(* Let $\beta$ be a distortion risk measure that is neither the mean $\mathbb{E}$ nor an affine function of the mean. Then recursively applying the risk-sensitive Bellman optimality operator $\mathcal{T}^*_\beta$ with respect to $\beta$, i.e. forming $Z_{k+1}=\mathcal{T}^*_\beta Z_k$ from an arbitrary initial value distribution $Z_0$, does not (in general) solve the RSRL objective, and $\beta[Z_k]$ is not guaranteed to converge to $\beta[Z^*]$. In particular, the inequality $\|\beta[\mathcal{T}^*_\beta Z_1]-\beta[\mathcal{T}^*_\beta Z_2]\|_\infty\le\gamma\|\beta[Z_1]-\beta[Z_2]\|_\infty$ is not guaranteed to hold for all value distributions $Z_1,Z_2$.
   Context: Consider an MDP with state space $\mathcal{S}$, action space $\mathcal{A}$, deterministic transition map $M:\mathcal{S}\times\mathcal{A}\to\mathcal{S}$, reward distribution $R(s,a)$ (a real random variable for each $(s,a)$), initial state distribution $\rho_0$ and discount $\gamma\in[0,1)$. A value distribution $Z$ assigns to each $(s,a)$ a real random variable $Z(s,a)$ with bounded moments; for a policy $\pi$, $Z^\pi(s,a)=\sum_{t\ge0}\gamma^t R(s_t,a_t)$ is the random discounted return starting from $(s,a)$ and following $\pi$. A distortion risk measure $\beta$ with distortion function $h_\beta:[0,1]\to[0,1]$ (continuous, non-decreasing) is $\beta[X]=\int_{-\infty}^{\infty}x\,\frac{\partial}{\partial x}(h_\beta\circ F_X)(x)\,dx$, where $F_X$ is the CDF of $X$; the mean corresponds to $h_\beta=\mathrm{id}$. Given $Z$, let $\pi_\beta(s)\in\arg\max_{a\in\mathcal{A}}\beta[Z(s,a)]$ (ties broken arbitrarily), and define $\mathcal{T}^*_\beta Z(s,a)$ to have the same distribution as $R(s,a)+\gamma Z(s',A')$ with $s'=M(s,a)$, $A'\sim\pi_\beta(\cdot\mid s')$. The RSRL objective is to find a policy $\pi^*_\beta\in\arg\max_\pi\mathbb{E}_{S_0\sim\rho_0,A_0\sim\pi}\big[\beta[Z^\pi(S_0,A_0)]\big]$, with $Z^*$ the return distribution of such an optimal policy. For real-valued functions $f_1,f_2$ on $\mathcal{S}\times\mathcal{A}$, $\|f_1-f_2\|_\infty=\sup_{s,a}|f_1(s,a)-f_2(s,a)|$. *)

From HB Require Import structures.
From mathcomp Require Import all_boot all_order all_algebra.
From mathcomp Require Import all_classical all_reals all_analysis.
Set Implicit Arguments. Unset Strict Implicit. Unset Printing Implicit Defensive.
Import Order.TTheory GRing.Theory Num.Theory.
Import numFieldNormedType.Exports.
Local Open Scope classical_set_scope.
Local Open Scope ring_scope.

- - - -

TO DO:
Work through the entries, filtering for the string "Import", and copy each line that holds it.

RESPONSE AREA:
From HB Require Import structures.
From mathcomp Require Import all_boot all_order all_algebra.
From mathcomp Require Import all_classical all_reals all_analysis.
Import Order.TTheory GRing.Theory Num.Theory.
Import numFieldNormedType.Exports.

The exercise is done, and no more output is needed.